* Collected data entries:
▼
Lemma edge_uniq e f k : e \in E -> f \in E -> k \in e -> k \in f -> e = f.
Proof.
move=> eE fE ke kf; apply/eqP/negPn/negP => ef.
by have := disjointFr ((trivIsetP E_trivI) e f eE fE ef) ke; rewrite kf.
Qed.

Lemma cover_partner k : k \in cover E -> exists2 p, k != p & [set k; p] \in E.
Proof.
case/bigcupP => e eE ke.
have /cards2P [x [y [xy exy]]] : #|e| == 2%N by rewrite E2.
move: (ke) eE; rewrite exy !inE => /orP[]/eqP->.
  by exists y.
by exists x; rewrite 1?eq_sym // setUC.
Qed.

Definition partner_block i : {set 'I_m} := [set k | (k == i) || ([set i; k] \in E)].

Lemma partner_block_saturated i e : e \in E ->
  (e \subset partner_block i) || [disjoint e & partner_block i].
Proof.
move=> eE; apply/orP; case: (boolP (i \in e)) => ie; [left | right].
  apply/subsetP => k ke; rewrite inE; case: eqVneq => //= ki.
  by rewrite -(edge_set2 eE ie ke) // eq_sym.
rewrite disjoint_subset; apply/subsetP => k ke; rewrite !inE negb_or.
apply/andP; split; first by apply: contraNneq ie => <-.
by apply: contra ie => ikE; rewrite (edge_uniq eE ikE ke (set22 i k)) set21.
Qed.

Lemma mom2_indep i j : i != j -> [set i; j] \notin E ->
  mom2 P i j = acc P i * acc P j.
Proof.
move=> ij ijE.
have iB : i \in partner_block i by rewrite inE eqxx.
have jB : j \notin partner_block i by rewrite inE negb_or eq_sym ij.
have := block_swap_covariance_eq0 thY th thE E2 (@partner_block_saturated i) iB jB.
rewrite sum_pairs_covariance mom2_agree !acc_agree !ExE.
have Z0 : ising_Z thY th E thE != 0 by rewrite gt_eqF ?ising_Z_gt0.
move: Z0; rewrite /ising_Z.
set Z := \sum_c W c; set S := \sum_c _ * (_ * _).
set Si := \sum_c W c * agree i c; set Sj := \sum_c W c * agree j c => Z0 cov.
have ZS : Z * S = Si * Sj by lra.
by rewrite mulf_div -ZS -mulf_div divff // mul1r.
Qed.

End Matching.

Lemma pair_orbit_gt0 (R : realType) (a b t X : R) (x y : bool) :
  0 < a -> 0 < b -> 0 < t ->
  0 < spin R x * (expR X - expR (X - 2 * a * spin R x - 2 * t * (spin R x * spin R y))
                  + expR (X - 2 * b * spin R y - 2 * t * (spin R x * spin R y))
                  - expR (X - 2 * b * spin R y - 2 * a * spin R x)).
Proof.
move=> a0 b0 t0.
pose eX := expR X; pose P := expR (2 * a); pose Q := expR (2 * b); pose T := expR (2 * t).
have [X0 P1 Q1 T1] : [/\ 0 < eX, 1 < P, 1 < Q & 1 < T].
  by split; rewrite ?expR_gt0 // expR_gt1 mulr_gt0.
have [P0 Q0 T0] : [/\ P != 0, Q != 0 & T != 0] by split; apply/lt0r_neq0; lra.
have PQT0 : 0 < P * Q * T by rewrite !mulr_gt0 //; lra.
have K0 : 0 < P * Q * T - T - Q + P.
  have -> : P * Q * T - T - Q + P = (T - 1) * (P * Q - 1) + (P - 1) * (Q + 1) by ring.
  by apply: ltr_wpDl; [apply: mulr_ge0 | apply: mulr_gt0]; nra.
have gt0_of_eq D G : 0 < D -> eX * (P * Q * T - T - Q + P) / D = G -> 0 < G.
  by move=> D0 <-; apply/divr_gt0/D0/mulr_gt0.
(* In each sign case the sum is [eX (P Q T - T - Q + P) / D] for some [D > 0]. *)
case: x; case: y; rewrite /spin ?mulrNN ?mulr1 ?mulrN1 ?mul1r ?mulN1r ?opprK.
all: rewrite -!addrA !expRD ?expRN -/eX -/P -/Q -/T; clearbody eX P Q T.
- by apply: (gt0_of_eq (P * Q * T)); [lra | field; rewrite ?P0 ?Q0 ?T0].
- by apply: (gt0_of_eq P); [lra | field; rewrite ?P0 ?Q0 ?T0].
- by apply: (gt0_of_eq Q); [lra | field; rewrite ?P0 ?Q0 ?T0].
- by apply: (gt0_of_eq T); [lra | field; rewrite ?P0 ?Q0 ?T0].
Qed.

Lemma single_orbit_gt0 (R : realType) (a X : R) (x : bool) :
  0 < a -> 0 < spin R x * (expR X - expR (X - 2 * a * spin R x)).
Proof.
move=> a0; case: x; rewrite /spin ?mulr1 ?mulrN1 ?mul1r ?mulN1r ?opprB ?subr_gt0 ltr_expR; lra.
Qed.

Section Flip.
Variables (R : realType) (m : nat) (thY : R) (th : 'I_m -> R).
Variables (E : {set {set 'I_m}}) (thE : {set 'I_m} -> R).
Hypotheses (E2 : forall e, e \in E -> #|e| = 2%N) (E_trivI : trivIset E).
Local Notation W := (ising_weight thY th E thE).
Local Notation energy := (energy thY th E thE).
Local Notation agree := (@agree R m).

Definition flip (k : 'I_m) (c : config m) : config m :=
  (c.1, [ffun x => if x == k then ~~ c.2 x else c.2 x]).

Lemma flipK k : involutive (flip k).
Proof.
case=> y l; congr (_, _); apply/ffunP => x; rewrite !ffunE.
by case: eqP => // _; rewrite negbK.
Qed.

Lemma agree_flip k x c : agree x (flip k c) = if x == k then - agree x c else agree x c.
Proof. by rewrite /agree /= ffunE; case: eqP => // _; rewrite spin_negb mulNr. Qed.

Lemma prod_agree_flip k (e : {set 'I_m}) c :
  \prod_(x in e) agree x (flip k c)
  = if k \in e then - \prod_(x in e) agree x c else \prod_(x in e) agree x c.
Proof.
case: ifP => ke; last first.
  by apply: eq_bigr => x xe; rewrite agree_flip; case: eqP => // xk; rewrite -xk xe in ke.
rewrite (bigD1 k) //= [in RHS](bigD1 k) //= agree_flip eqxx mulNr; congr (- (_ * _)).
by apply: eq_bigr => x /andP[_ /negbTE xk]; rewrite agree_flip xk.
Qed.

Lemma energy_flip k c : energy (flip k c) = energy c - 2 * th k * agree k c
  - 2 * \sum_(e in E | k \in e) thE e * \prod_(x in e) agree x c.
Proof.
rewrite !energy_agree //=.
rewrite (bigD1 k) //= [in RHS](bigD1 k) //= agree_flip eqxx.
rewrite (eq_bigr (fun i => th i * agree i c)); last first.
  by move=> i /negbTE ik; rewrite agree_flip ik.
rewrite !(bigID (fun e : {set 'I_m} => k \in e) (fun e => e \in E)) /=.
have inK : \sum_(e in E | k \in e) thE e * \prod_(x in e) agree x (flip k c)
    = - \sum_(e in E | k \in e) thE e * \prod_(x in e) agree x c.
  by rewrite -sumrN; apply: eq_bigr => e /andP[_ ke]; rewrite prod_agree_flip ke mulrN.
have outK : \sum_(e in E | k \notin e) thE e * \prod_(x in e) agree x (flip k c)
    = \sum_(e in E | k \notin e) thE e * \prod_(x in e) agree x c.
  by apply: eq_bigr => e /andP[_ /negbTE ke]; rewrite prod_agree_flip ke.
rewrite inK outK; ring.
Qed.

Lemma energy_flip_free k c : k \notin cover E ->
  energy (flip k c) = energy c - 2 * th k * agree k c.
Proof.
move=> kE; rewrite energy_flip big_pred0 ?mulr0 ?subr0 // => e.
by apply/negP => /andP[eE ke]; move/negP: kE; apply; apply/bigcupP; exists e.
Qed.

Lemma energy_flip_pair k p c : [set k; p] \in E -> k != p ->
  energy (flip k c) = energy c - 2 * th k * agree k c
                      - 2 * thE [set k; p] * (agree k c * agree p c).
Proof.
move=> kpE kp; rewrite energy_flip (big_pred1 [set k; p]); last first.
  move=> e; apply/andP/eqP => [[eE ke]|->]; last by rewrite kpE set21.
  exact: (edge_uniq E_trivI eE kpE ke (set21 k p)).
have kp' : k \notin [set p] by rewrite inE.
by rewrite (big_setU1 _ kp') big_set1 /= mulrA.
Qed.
▲
▼
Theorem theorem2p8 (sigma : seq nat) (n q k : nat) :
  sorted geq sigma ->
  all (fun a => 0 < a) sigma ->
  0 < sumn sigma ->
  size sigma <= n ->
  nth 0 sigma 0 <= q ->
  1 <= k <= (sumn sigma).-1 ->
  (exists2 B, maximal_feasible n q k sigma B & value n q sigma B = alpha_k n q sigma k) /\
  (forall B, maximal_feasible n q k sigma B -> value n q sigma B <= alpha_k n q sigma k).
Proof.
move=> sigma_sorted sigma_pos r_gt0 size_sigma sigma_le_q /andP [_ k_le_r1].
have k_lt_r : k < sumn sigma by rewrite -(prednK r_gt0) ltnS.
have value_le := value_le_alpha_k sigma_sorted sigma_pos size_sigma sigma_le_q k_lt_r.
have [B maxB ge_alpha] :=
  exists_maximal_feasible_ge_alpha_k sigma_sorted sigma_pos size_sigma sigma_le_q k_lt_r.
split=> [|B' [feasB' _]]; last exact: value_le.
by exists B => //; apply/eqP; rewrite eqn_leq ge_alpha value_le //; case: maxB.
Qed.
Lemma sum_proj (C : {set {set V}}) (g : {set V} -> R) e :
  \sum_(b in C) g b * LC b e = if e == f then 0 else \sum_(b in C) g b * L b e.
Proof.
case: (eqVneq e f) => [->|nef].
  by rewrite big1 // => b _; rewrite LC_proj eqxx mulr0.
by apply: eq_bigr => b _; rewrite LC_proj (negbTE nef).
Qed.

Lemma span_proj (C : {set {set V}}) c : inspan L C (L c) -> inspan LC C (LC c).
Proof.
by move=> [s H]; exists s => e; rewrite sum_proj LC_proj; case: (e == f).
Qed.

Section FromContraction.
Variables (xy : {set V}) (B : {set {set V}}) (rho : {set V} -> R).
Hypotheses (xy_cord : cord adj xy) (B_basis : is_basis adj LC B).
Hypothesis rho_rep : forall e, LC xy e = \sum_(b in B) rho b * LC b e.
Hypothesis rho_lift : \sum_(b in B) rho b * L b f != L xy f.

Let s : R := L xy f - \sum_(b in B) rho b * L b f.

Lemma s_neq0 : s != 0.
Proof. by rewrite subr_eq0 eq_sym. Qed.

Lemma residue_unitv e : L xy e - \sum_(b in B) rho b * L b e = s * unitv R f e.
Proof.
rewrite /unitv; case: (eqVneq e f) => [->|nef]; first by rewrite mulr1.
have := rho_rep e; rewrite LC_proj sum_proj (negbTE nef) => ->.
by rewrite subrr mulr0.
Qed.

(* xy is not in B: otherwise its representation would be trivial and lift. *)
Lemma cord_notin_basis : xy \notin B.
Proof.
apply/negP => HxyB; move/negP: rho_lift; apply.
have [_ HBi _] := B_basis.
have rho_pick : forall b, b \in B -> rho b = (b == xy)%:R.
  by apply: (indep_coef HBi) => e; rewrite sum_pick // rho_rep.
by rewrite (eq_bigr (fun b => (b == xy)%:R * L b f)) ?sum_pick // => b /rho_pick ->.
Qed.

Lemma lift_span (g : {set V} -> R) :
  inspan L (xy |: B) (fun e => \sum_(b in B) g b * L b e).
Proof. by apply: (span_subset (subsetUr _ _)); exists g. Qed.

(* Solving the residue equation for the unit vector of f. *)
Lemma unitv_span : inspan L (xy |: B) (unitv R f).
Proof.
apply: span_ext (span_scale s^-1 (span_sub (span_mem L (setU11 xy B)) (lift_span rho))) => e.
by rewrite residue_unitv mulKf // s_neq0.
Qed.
▲
* Aim of the exercise:
Begin at the line that has "Lemma edge_uniq e" in the entries above; stop after the line that has "apply/subsetP => k ke; rewrite inE;". Transcribe exactly those lines and no others.

* Written solution:
Lemma edge_uniq e f k : e \in E -> f \in E -> k \in e -> k \in f -> e = f.
Proof.
move=> eE fE ke kf; apply/eqP/negPn/negP => ef.
by have := disjointFr ((trivIsetP E_trivI) e f eE fE ef) ke; rewrite kf.
Qed.

Lemma cover_partner k : k \in cover E -> exists2 p, k != p & [set k; p] \in E.
Proof.
case/bigcupP => e eE ke.
have /cards2P [x [y [xy exy]]] : #|e| == 2%N by rewrite E2.
move: (ke) eE; rewrite exy !inE => /orP[]/eqP->.
  by exists y.
by exists x; rewrite 1?eq_sym // setUC.
Qed.

Definition partner_block i : {set 'I_m} := [set k | (k == i) || ([set i; k] \in E)].

Lemma partner_block_saturated i e : e \in E ->
  (e \subset partner_block i) || [disjoint e & partner_block i].
Proof.
move=> eE; apply/orP; case: (boolP (i \in e)) => ie; [left | right].
  apply/subsetP => k ke; rewrite inE; case: eqVneq => //= ki.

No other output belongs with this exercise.